The present disclosure relates to a parallel parking assist system and method for navigating narrow parking spaces.

This introduction generally presents the context of the disclosure. Work of the presently named inventors, to the extent it is described in this introduction, as well as aspects of the description that may not otherwise qualify as prior art at the time of filing, are neither expressly nor impliedly admitted as prior art against this disclosure.

In situations where parking spaces are narrow or congested, it is often challenging to find available parking spaces because other vehicles are already parked. In such circumstances, there is a tendency to parallel park in front of vehicles that are already parked to make the most of the available space. Consequently, to maneuver their vehicles, drivers parked along the parking lines may need to push and move nearby vehicles parallel-parked in front of them. However, individuals with insufficient strength may face difficulties in this process. Parking lots with slippery surfaces or during rainy weather can significantly reduce friction, making it extremely challenging to move the vehicles. It is therefore desirable to design a system to assist in the movement of parallel-parked vehicles in tight spaces.

A method for externally moving a vehicle includes receiving sensor data from a sensor of the vehicle. The sensor data is indicative that a person outside of the vehicle touched a predetermined area of the windshield of the vehicle. The vehicle is initially parked.

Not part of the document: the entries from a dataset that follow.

Lemma sum_ord_diagonal (A L : nat) (F : nat -> M) (c : nat -> nat -> int) :
  (forall j k, (j < A)%N -> (L <= k)%N -> F (k + j)%N *~ c j k = 0) ->
  \sum_(j < A) \sum_(k < L) F (k + j)%N *~ c j k
  = \sum_(m < A + L) F m *~ (\sum_(j < A) (if (j <= m)%N then c j (m - j)%N else 0)).
Proof.
move=> h; rewrite [RHS](eq_bigr _ (fun m _ => mulrz_sumr _ _ _ _)).
rewrite [RHS]exchange_big /=; apply: eq_bigr => j _.
rewrite (@sum_ord_shift (fun k => F (k + j)%N *~ c j k) j L (A + L)); last first.
- by move=> k hk; apply: h.
- by have := ltn_ord j; lia.
apply: eq_bigr => m _; case: ifP => hjm; last by rewrite mulr0z.
by rewrite subnK.
Qed.

Lemma sum_ord_trunc (c : nat -> M) m A : (forall j, (A <= j)%N -> (j <= m)%N -> c j = 0) ->
  \sum_(j < A) (if (j <= m)%N then c j else 0) = \sum_(j < m.+1) c j.
Proof.
move=> hc; set F := fun j : nat => if (j <= m)%N then c j else 0.
have -> : \sum_(j < m.+1) c j = \sum_(j < m.+1) F j.
  by apply: eq_bigr => j _; rewrite /F -ltnS ltn_ord.
rewrite (@sum_ord_widen F A (maxn A m.+1)) ?leq_maxl //; last first.
  by move=> j hj _; rewrite /F; case: ifP => // /hc ->.
rewrite [RHS](@sum_ord_widen F m.+1 (maxn A m.+1)) ?leq_maxr //.
by move=> j hj _; rewrite /F leqNgt hj.
Qed.

Lemma big_uniq_supp (I : eqType) (f : I -> M) s1 s2 : uniq s1 -> uniq s2 ->
  (forall n, n \notin s1 -> f n = 0) -> (forall n, n \notin s2 -> f n = 0) ->
  \sum_(n <- s1) f n = \sum_(n <- s2) f n.
Proof.
move=> u1 u2 h1 h2.
have restrict (s t : seq I) : (forall n, n \notin t -> f n = 0) ->
    \sum_(n <- s) f n = \sum_(n <- [seq x <- s | x \in t]) f n.
  move=> Ht; rewrite big_filter [RHS]big_mkcond /=; apply: eq_bigr => n _ /=.
  by case: ifP => // /negbT /Ht ->.
rewrite (restrict s1 s2) // (restrict s2 s1) //; apply/perm_big/uniq_perm;
  rewrite ?filter_uniq // => x; by rewrite !mem_filter andbC.
Qed.

Lemma big_delta (I : eqType) (R : seq I) (i : I) (x : M) : uniq R ->
  \sum_(r <- R) (if i == r then x else 0) = if i \in R then x else 0.
Proof.
move=> uR; case: ifP => iR; last first.
  by rewrite big1_seq // => r /andP[_ hr]; case: eqP => // E; rewrite E hr in iR.
rewrite (perm_big _ (perm_to_rem iR)) big_cons eqxx.
rewrite big1_seq ?Monoid.mulm1 // => r /andP[_].
by case: eqP => // <-; rewrite mem_rem_uniqF.
Qed.

Definition suppZ (f : int -> M) (s : seq int) := forall n, n \notin s -> f n = 0.

Lemma suppZ_finsuppZ f s : suppZ f s -> finsuppZ f.
Proof.
move=> hs; exists (\sum_(m <- s) `|m|).+1 => n hn; apply: hs; apply/negP => ns.
by move: hn; rewrite (perm_big _ (perm_to_rem ns)) big_cons ltnNge leq_addr.
Qed.

Lemma finsuppZ_suppZ f : finsuppZ f -> exists2 s, uniq s & suppZ f s.
Proof.
case=> N hN; exists [seq i%:Z - N%:Z | i <- iota 0 (2 * N)].
  by rewrite map_inj_uniq ?iota_uniq // => x y; lia.
move=> n nn; apply: hN; rewrite leqNgt; apply/negP => hlt; move/negP: nn; apply.
by apply/mapP; exists (absz (n + N%:Z)); rewrite ?mem_iota; lia.
Qed.

Lemma fsumZ_seq (f : int -> M) s : uniq s -> suppZ f s -> fsumZ f = \sum_(n <- s) f n.
Proof.
move=> us hs; rewrite /fsumZ.
have /(epsilon_spec (inhabits 0%N)) := suppZ_finsuppZ hs.
set N0 := epsilon _ _ => hN0.
rewrite -(big_mkord xpredT (fun i : nat => f (i%:Z - N0%:Z))) /index_iota subn0.
rewrite -(big_map (fun i : nat => i%:Z - N0%:Z) xpredT f).
apply: big_uniq_supp => //; first by rewrite map_inj_uniq ?iota_uniq // => x y; lia.
move=> n nn; apply: hN0; rewrite leqNgt; apply/negP => hlt; move/negP: nn; apply.
by apply/mapP; exists (absz (n + N0%:Z)); rewrite ?mem_iota; lia.
Qed.

Lemma fsumZ_suppZ f s : suppZ f s -> fsumZ f = \sum_(n <- undup s) f n.
Proof.
by move=> hs; apply: fsumZ_seq (undup_uniq s) _ => n; rewrite mem_undup; apply: hs.
Qed.

Lemma fsumN_ord (f : nat -> M) L : (forall n, (L <= n)%N -> f n = 0) ->
  fsumN f = \sum_(i < L) f i.
Proof.
move=> hL; rewrite /fsumN.
have /(epsilon_spec (inhabits 0%N)) : finsuppN f by exists L.
set N0 := epsilon _ _ => hN0.
rewrite (@sum_ord_widen _ N0 (maxn N0 L)) ?leq_maxl // => [|i hi _]; last exact: hN0.
by rewrite [RHS](@sum_ord_widen _ L (maxn N0 L)) ?leq_maxr // => i hi _; apply: hL.
Qed.

Lemma eq_fsumZ (f g : int -> M) : f =1 g -> fsumZ f = fsumZ g.
Proof. by move=> /functional_extensionality ->. Qed.

Lemma eq_fsumN (f g : nat -> M) : f =1 g -> fsumN f = fsumN g.
Proof. by move=> /functional_extensionality ->. Qed.

Lemma eq_finsuppZ (f g : int -> M) : f =1 g -> finsuppZ f = finsuppZ g.
Proof. by move=> /functional_extensionality ->. Qed.

Lemma fsumZ_eq0 (f : int -> M) : f =1 (fun=> 0) -> fsumZ f = 0.
Proof. by move=> h; rewrite (@fsumZ_seq _ [::]) ?big_nil. Qed.

Lemma fsumZ_delta (f : int -> M) a : (forall n, n != a -> f n = 0) -> fsumZ f = f a.
Proof.
by move=> h; rewrite (@fsumZ_seq f [:: a]) ?big_seq1 // => n; rewrite inE; apply: h.
Qed.

Lemma finsuppZ_delta (f : int -> M) a : (forall n, n != a -> f n = 0) -> finsuppZ f.
Proof. by move=> h; apply: (@suppZ_finsuppZ f [:: a]) => n; rewrite inE; apply: h. Qed.

Lemma finsuppZD (f g : int -> M) : finsuppZ f -> finsuppZ g -> finsuppZ (fun n => f n + g n).
Proof.
move=> /finsuppZ_suppZ [s1 _ h1] /finsuppZ_suppZ [s2 _ h2].
apply: (@suppZ_finsuppZ _ (s1 ++ s2)) => n.
by rewrite mem_cat negb_or => /andP[/h1 -> /h2 ->]; rewrite addr0.
Qed.

Lemma fsumZD (f g : int -> M) : finsuppZ f -> finsuppZ g ->
  fsumZ (fun n => f n + g n) = fsumZ f + fsumZ g.
Proof.
move=> /finsuppZ_suppZ [s1 _ h1] /finsuppZ_suppZ [s2 _ h2].
have H1 : suppZ f (s1 ++ s2) by move=> n; rewrite mem_cat negb_or => /andP[/h1].
have H2 : suppZ g (s1 ++ s2) by move=> n; rewrite mem_cat negb_or => /andP[_ /h2].
have H3 : suppZ (fun n => f n + g n) (s1 ++ s2) by move=> n hn; rewrite H1 // H2 // addr0.
by rewrite (fsumZ_suppZ H1) (fsumZ_suppZ H2) (fsumZ_suppZ H3) big_split.
Qed.

Lemma finsuppZ_sum (I : Type) (r : seq I) (F : I -> int -> M) :
  (forall i, finsuppZ (F i)) -> finsuppZ (fun n => \sum_(i <- r) F i n).
Proof.
move=> hF; elim: r => [|i r IH].
  by under eq_finsuppZ do rewrite big_nil; exists 0%N.
by under eq_finsuppZ do rewrite big_cons; apply: finsuppZD.
Qed.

The method also includes displaying a user interface on the predetermined area of the windshield in response to determining that the person outside of the vehicle touched the predetermined area of the windshield of the vehicle. The method also includes receiving an input from the person outside of the windshield through the user interface. The input is indicative of a command to move the vehicle. The method also includes commanding the vehicle to move by a predetermined distance in response to receiving the input from the person outside of the vehicle. The method described in this paragraph improves vehicle technology by allowing a person external to the vehicle to move the vehicle to facilitate parking.

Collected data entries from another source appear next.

(* Consider the discrete-time plant $$z_{k+1} = A_{ss} z_k + B_{1s} d_k + B_{2s} u_k,\quad e_k = C_{1s} z_k + D_{11} d_k + D_{12} u_k,\quad \hat y_k = z_k,\quad z_0\in\mathbb{I},$$ with $z_k\in\mathbb{R}^N$, $N=n+\bar N$, $u_k\in\mathbb{R}^{n_u}$, and $\mathbb{I} = \{(\bar p,\bar q) : \bar p\in\varepsilon(P),\ \bar q\in\varepsilon(Q)\}$, where $P\in\mathbb{S}^n$, $Q\in\mathbb{S}^{\bar N}$ are positive definite and $\varepsilon(P)=\{y: y^TPy\le 1\}$ (this is the lifted LPV model with all scheduling-parameter input matrices equal to zero, i.e., an LTI model). Then a static state-feedback LTI controller $u_k = D^c \hat y_k$ such that the closed loop is stable and $$\sup \{\lVert e \rVert_{\ell_2} \mid \lVert d \rVert_{\ell_2} \leq 1,\ z_0 \in \mathbb{I} \}< \gamma$$ exists if there exist a positive definite matrix $R \in \mathbb{S}^{N}$, a matrix $S \in \mathbb{R}^{n_u \times N}$, and positive scalars $b$, $f_{11}$, $f_{12}$, $f_2$ such that $$\begin{bmatrix} - R & A_{ss} R + B_{2s} S & B_{1s} & 0 \\ \ast & - R & 0 & (C_{1s} R + D_{12} S)^T \\ \ast & \ast & -f_2 I & D_{11}^T \\ \ast & \ast & \ast & -b I \end{bmatrix} \prec 0, \quad b + f_{11} + f_{12} + f_2 < 2\gamma, \quad \begin{bmatrix} F_1 & \Gamma^T \\ \Gamma & R \end{bmatrix} \succ 0,$$ where $\Gamma = \mathrm{diag}(P^{-1/2}, Q^{-1/2})$ and $F_1 = \mathrm{diag}(f_{11} I_n, f_{12}I_{\bar{N}})$. If this problem is feasible, the controller is $u = SR^{-1}\hat y$, i.e., for the underlying nonlinear system with lifting map $\Phi$ and no measurement noise, $u = SR^{-1}\Phi(x)$.
   Context: $\ast$ denotes entries inferred by symmetry; $\mathbb{S}^m$ denotes real symmetric $m\times m$ matrices. *)

From HB Require Import structures.
From mathcomp Require Import all_boot all_order all_algebra.
From mathcomp Require Import all_classical all_reals all_analysis.
Set Implicit Arguments. Unset Strict Implicit. Unset Printing Implicit Defensive.
Import Order.TTheory GRing.Theory Num.Theory.
Local Open Scope classical_set_scope.
Local Open Scope ring_scope.

Section Defs.
Variable R : realType.

Definition posdef m (M : 'M[R]_m) : Prop :=
  M^T = M /\ forall x : 'cV[R]_m, x != 0 -> 0 < (x^T *m M *m x) 0 0.

Definition negdef m (M : 'M[R]_m) : Prop := posdef (- M).

Definition is_inv_sqrt m (M X : 'M[R]_m) : Prop :=
  posdef X /\ X *m X = invmx M.

Definition ellipsoid m (P : 'M[R]_m) : set 'cV[R]_m :=
  [set y | (y^T *m P *m y) 0 0 <= 1].

Definition init_set n Nb (P : 'M[R]_n) (Q : 'M[R]_Nb) : set 'cV[R]_(n + Nb) :=
  [set z | exists p q, ellipsoid P p /\ ellipsoid Q q /\ z = col_mx p q].

Definition sqnorm m (v : 'cV[R]_m) : R := \sum_i (v i 0) ^+ 2.

Definition l2sq m (x : nat -> 'cV[R]_m) : \bar R :=
  (\sum_(0 <= k <oo) (sqnorm (x k))%:E)%E.

Definition l2norm m (x : nat -> 'cV[R]_m) : \bar R :=
  match l2sq x with
  | EFin r => (Num.sqrt r)%:E
  | _ => +oo%E
  end.

Fixpoint cl_state N nd nu (A : 'M[R]_N) (B1 : 'M[R]_(N, nd)) (B2 : 'M[R]_(N, nu))
  (Dc : 'M[R]_(nu, N)) (d : nat -> 'cV[R]_nd) (z0 : 'cV[R]_N) (k : nat)
  : 'cV[R]_N :=
  match k with
  | 0 => z0
  | k'.+1 => let z := cl_state A B1 B2 Dc d z0 k' in
             A *m z + B1 *m d k' + B2 *m (Dc *m z)
  end.

Definition cl_output N nd nu ne (A : 'M[R]_N) (B1 : 'M[R]_(N, nd))
  (B2 : 'M[R]_(N, nu)) (C1 : 'M[R]_(ne, N)) (D11 : 'M[R]_(ne, nd))
  (D12 : 'M[R]_(ne, nu)) (Dc : 'M[R]_(nu, N)) (d : nat -> 'cV[R]_nd)
  (z0 : 'cV[R]_N) (k : nat) : 'cV[R]_ne :=
  let z := cl_state A B1 B2 Dc d z0 k in
  C1 *m z + D11 *m d k + D12 *m (Dc *m z).

Definition schur_stable N (Acl : 'M[R]_N) : Prop :=
  forall (z0 : 'cV[R]_N) (i : 'I_N),
    (fun k : nat => ((Acl ^+ k) *m z0) i 0) @ \oo --> 0.

Definition worst_case nd nu ne n Nb (P : 'M[R]_n) (Q : 'M[R]_Nb)
  (A : 'M[R]_(n + Nb)) (B1 : 'M[R]_(n + Nb, nd))
  (B2 : 'M[R]_(n + Nb, nu)) (C1 : 'M[R]_(ne, n + Nb)) (D11 : 'M[R]_(ne, nd))
  (D12 : 'M[R]_(ne, nu)) (Dc : 'M[R]_(nu, n + Nb)) : \bar R :=
  ereal_sup [set x | exists (d : nat -> 'cV[R]_nd) z0,
     (l2norm d <= 1%:E)%E /\ init_set P Q z0 /\
     x = l2norm (cl_output A B1 B2 C1 D11 D12 Dc d z0)].

End Defs.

The method may include sending an approval request to a vehicle user in response to determining that the person outside of the vehicle touched the predetermined area of the windshield of the vehicle. The vehicle user is at a location remote from the vehicle. The method may include receiving an approval signal from the vehicle user in response to sending the approval request to the vehicle user. Further, the method includes displaying a ready-message on the user interface in response to receiving the approval signal from the vehicle user. The user interface displays a first arrow button and a second arrow button. The first arrow button is indicative of a forward movement by the vehicle. The second arrow button is indicative of a backward movement by the vehicle. The user interface includes a touchscreen accessible from outside the vehicle. The user interface displays a stop button. The first arrow button, the second arrow button, and the stop button are virtual images displayed on the predetermined area of the windshield of the vehicle. The person outside the vehicle sends the stop command by pressing the stop button. The method includes commanding the vehicle to stop in response to receiving the stop command.

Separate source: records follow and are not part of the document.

Lemma ex_lim_RInt_of_split R0 s (F : nat -> R -> R) K :
  0 < R0 -> Hseq R0 s -> 0 <= K -> (forall k, ex_RInt (F k) 0 R0) ->
  (forall k l d r, 0 < d -> 0 < r < R0 ->
     Rabs (F k r - F l r) <= K * split_bound (s k) (s l) d r) ->
  ex_finite_lim_seq (fun k => RInt (F k) 0 R0).
Proof.
  intros HR Hs HK HF Hpt.
  destruct (Hseq_bounded R0 s HR Hs) as [M [N0 HM]].
  pose proof Hs as [Hp Hc].
  assert (HM0 : 0 <= M) by (apply Rle_trans with (normH2 R0 (s N0));
    [apply normH2_ge0; auto | apply HM; lia]).
  apply ex_lim_seq_cauchy_corr. intros [eps Heps]. simpl.
  set (d := eps / (4 * (K * M + 1))).
  assert (Hd : 0 < d) by (apply Rdiv_lt_0_compat; nra).
  destruct (Hc (eps * d / (2 * (K + 1)))) as [N1 HN1]; [apply Rdiv_lt_0_compat; nra|].
  exists (max N0 N1). intros k l Hk Hl.
  specialize (HN1 k l ltac:(lia) ltac:(lia)).
  pose proof (HM k ltac:(lia)). pose proof (HM l ltac:(lia)).
  pose proof (normH2_ge0 R0 _ HR (preH_minus R0 _ _ (Hp k) (Hp l))).
  eapply Rle_lt_trans.
  { apply (RInt_diff_le_split R0 (s k) (s l) (F k) (F l) K d HR Hd (Hp k) (Hp l) (HF k) (HF l)).
    intros; apply Hpt; auto. }
  assert (h1 : K * (/ d * normH2 R0 (fun x => s k x - s l x)) <= eps / 2).
  { apply Rle_trans with (K * (/ d * (eps * d / (2 * (K + 1))))).
    - apply Rmult_le_compat_l; [lra|].
      apply Rmult_le_compat_l; [apply Rlt_le, Rinv_0_lt_compat; lra | lra].
    - replace (K * (/ d * (eps * d / (2 * (K + 1))))) with (eps / 2 * (K / (K + 1)))
        by (field; lra).
      assert (K / (K + 1) <= 1) by (apply Rmult_le_reg_r with (K + 1); [lra|];
        unfold Rdiv; rewrite Rmult_assoc, Rinv_l by lra; lra).
      nra. }
  assert (h2 : K * (d * (normH2 R0 (s k) + normH2 R0 (s l))) < eps / 2).
  { apply Rle_lt_trans with (K * (d * (2 * M))).
    - apply Rmult_le_compat_l; [lra|]. apply Rmult_le_compat_l; lra.
    - unfold d.
      replace (K * (eps / (4 * (K * M + 1)) * (2 * M))) with (eps / 2 * (K * M / (K * M + 1)))
        by (field; nra).
      assert (K * M / (K * M + 1) < 1) by (apply Rmult_lt_reg_r with (K * M + 1); [nra|];
        unfold Rdiv; rewrite Rmult_assoc, Rinv_l by nra; nra).
      nra. }
  lra.
Qed.

Lemma sat_lipschitz a sigma x y : 0 <= a -> 0 <= sigma ->
  Rabs (sat a sigma x - sat a sigma y) <= sigma * Rabs (x ^ 2 - y ^ 2).
Proof.
  intros Ha Hs. unfold sat.
  pose proof (pow2_ge_0 x). pose proof (pow2_ge_0 y).
  assert (H1 : 1 <= 1 + a * (sigma * x ^ 2)) by (assert (0 <= sigma * x ^ 2) by nra; nra).
  assert (H2 : 1 <= 1 + a * (sigma * y ^ 2)) by (assert (0 <= sigma * y ^ 2) by nra; nra).
  replace (sigma * x ^ 2 / (1 + a * (sigma * x ^ 2)) - sigma * y ^ 2 / (1 + a * (sigma * y ^ 2)))
    with (sigma * (x ^ 2 - y ^ 2) * / ((1 + a * (sigma * x ^ 2)) * (1 + a * (sigma * y ^ 2))))
    by (field; lra).
  assert (Hprod : 1 <= (1 + a * (sigma * x ^ 2)) * (1 + a * (sigma * y ^ 2))) by nra.
  rewrite !Rabs_mult, (Rabs_right sigma), (Rabs_right (/ _))
    by (try apply Rle_ge, Rlt_le, Rinv_0_lt_compat; lra).
  rewrite <- (Rmult_1_r (sigma * Rabs (x ^ 2 - y ^ 2))) at 2.
  apply Rmult_le_compat_l; [apply Rmult_le_pos; [lra | apply Rabs_pos]|].
  rewrite <- Rinv_1. apply Rinv_le_contravar; lra.
Qed.

Lemma sat_deriv_lipschitz a x y : 0 <= a ->
  Rabs (sat_deriv a x - sat_deriv a y) <= Rabs (x ^ 2 - y ^ 2).
Proof.
  intros Ha. unfold sat_deriv.
  set (A := x ^ 2). set (B := y ^ 2).
  assert (HA : 0 <= A) by apply pow2_ge_0. assert (HB : 0 <= B) by apply pow2_ge_0.
  set (D1 := 1 + a * A). set (D2 := 1 + a * B).
  assert (H1 : 1 <= D1) by (unfold D1; nra). assert (H2 : 1 <= D2) by (unfold D2; nra).
  replace (A / D1 ^ 2 - B / D2 ^ 2) with ((A - B) * ((1 - a ^ 2 * A * B) / (D1 ^ 2 * D2 ^ 2)))
    by (unfold D1, D2 in *; field; split; lra).
  rewrite Rabs_mult. rewrite <- (Rmult_1_r (Rabs (A - B))) at 2.
  apply Rmult_le_compat_l; [apply Rabs_pos|].
  assert (Hpos : 0 < D1 ^ 2 * D2 ^ 2) by (apply Rmult_lt_0_compat; apply pow_lt; lra).
  unfold Rdiv.
  rewrite Rabs_mult, (Rabs_right (/ _)) by (apply Rle_ge, Rlt_le, Rinv_0_lt_compat; lra).
  apply Rmult_le_reg_r with (D1 ^ 2 * D2 ^ 2); [exact Hpos|].
  rewrite Rmult_assoc, Rinv_l, Rmult_1_r, Rmult_1_l by lra.
  assert (Hn : Rabs (1 - a ^ 2 * A * B) <= D1 * D2).
  { assert (0 <= a * A) by nra. assert (0 <= a * B) by nra.
    apply Rabs_le. unfold D1, D2. split; nra. }
  assert (D1 * D2 <= D1 ^ 2 * D2 ^ 2) by (assert (1 <= D1 * D2) by nra; nra).
  lra.
Qed.

Section CauchyLimits.

Variables (R0 : R) (s : nat -> R -> R).
Hypotheses (HR : 0 < R0) (Hs : Hseq R0 s).

Let Hp : forall k, preH R0 (s k).
Proof. apply Hs. Qed.

Lemma ex_lim_normH2 : ex_finite_lim_seq (fun k => normH2 R0 (s k)).
Proof.
  apply (ex_lim_RInt_of_split R0 s (fun k => hdens (s k)) 1); auto; [lra| |].
  - intros k. apply (ex_RInt_normH2 R0); auto. lra.
  - intros k l d r Hd Hr. rewrite Rmult_1_l.
    apply hdens_diff_le; try lra; apply (preH_ex_derive R0); auto.
Qed.

Lemma ex_lim_dirichlet : ex_finite_lim_seq (fun k => dirichlet R0 (s k)).
Proof.
  apply (ex_lim_RInt_of_split R0 s (fun k r => r * Derive (s k) r ^ 2) 1); auto; [lra| |].
  - intros k. apply ex_RInt_dirichlet; auto.
  - intros k l d r Hd Hr. rewrite Rmult_1_l.
    apply dirichlet_dens_diff_le; try lra; apply (preH_ex_derive R0); auto.
Qed.

Lemma ex_lim_hardy : ex_finite_lim_seq (fun k => hardy R0 (s k)).
Proof.
  apply (ex_lim_RInt_of_split R0 s (fun k r => / r * s k r ^ 2) 1); auto; [lra| |].
  - intros k. apply ex_RInt_hardy; auto.
  - intros k l d r Hd Hr. rewrite Rmult_1_l.
    apply hardy_dens_diff_le; try lra; apply (preH_ex_derive R0); auto.
Qed.

Lemma ex_lim_wint phi K : (forall x, continuous phi x) -> 0 <= K ->
  (forall x y, Rabs (phi x - phi y) <= K * Rabs (x ^ 2 - y ^ 2)) ->
  ex_finite_lim_seq (fun k => wint R0 phi (s k)).
Proof.
  intros Hphi HK Hlip.
  apply (ex_lim_RInt_of_split R0 s (fun k r => r * phi (s k r)) (K * R0 ^ 2)); auto.
  - apply Rmult_le_pos; [lra | apply pow2_ge_0].
  - intros k. apply ex_RInt_wint; auto.
  - intros k l d r Hd Hr.
    rewrite <- Rmult_minus_distr_l, Rabs_mult, (Rabs_right r) by lra.
    apply Rle_trans with (K * (r * Rabs (s k r ^ 2 - s l r ^ 2))).
    + replace (K * (r * Rabs (s k r ^ 2 - s l r ^ 2))) with (r * (K * Rabs (s k r ^ 2 - s l r ^ 2)))
        by ring.
      apply Rmult_le_compat_l; [lra | apply Hlip].
    + rewrite Rmult_assoc. apply Rmult_le_compat_l; [exact HK|].
      apply sqr_dens_diff_le; try lra; apply (preH_ex_derive R0); auto.
Qed.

The present disclosure also describes a system for externally moving a vehicle. The system includes a sensor configured to generate sensor data. The sensor data is indicative that a person outside of the vehicle touched a predetermined area of the windshield of the vehicle. The system further includes a controller in communication with the sensor. The controller is programmed to execute the method described above.

The present disclosure also describes a vehicle. The vehicle includes a windshield and a user interface displayed on the windshield. Further, the vehicle includes a sensor configured to generate sensor data. The sensor data is indicative that a person outside of the vehicle touched a predetermined area of the windshield of the vehicle. The system further includes a controller in communication with the sensor. The controller is programmed to execute the method described above.

Further areas of applicability of the present disclosure will become apparent from the detailed description provided below. It should be understood that the detailed description and specific examples are intended for purposes of illustration only and are not intended to limit the scope of the disclosure.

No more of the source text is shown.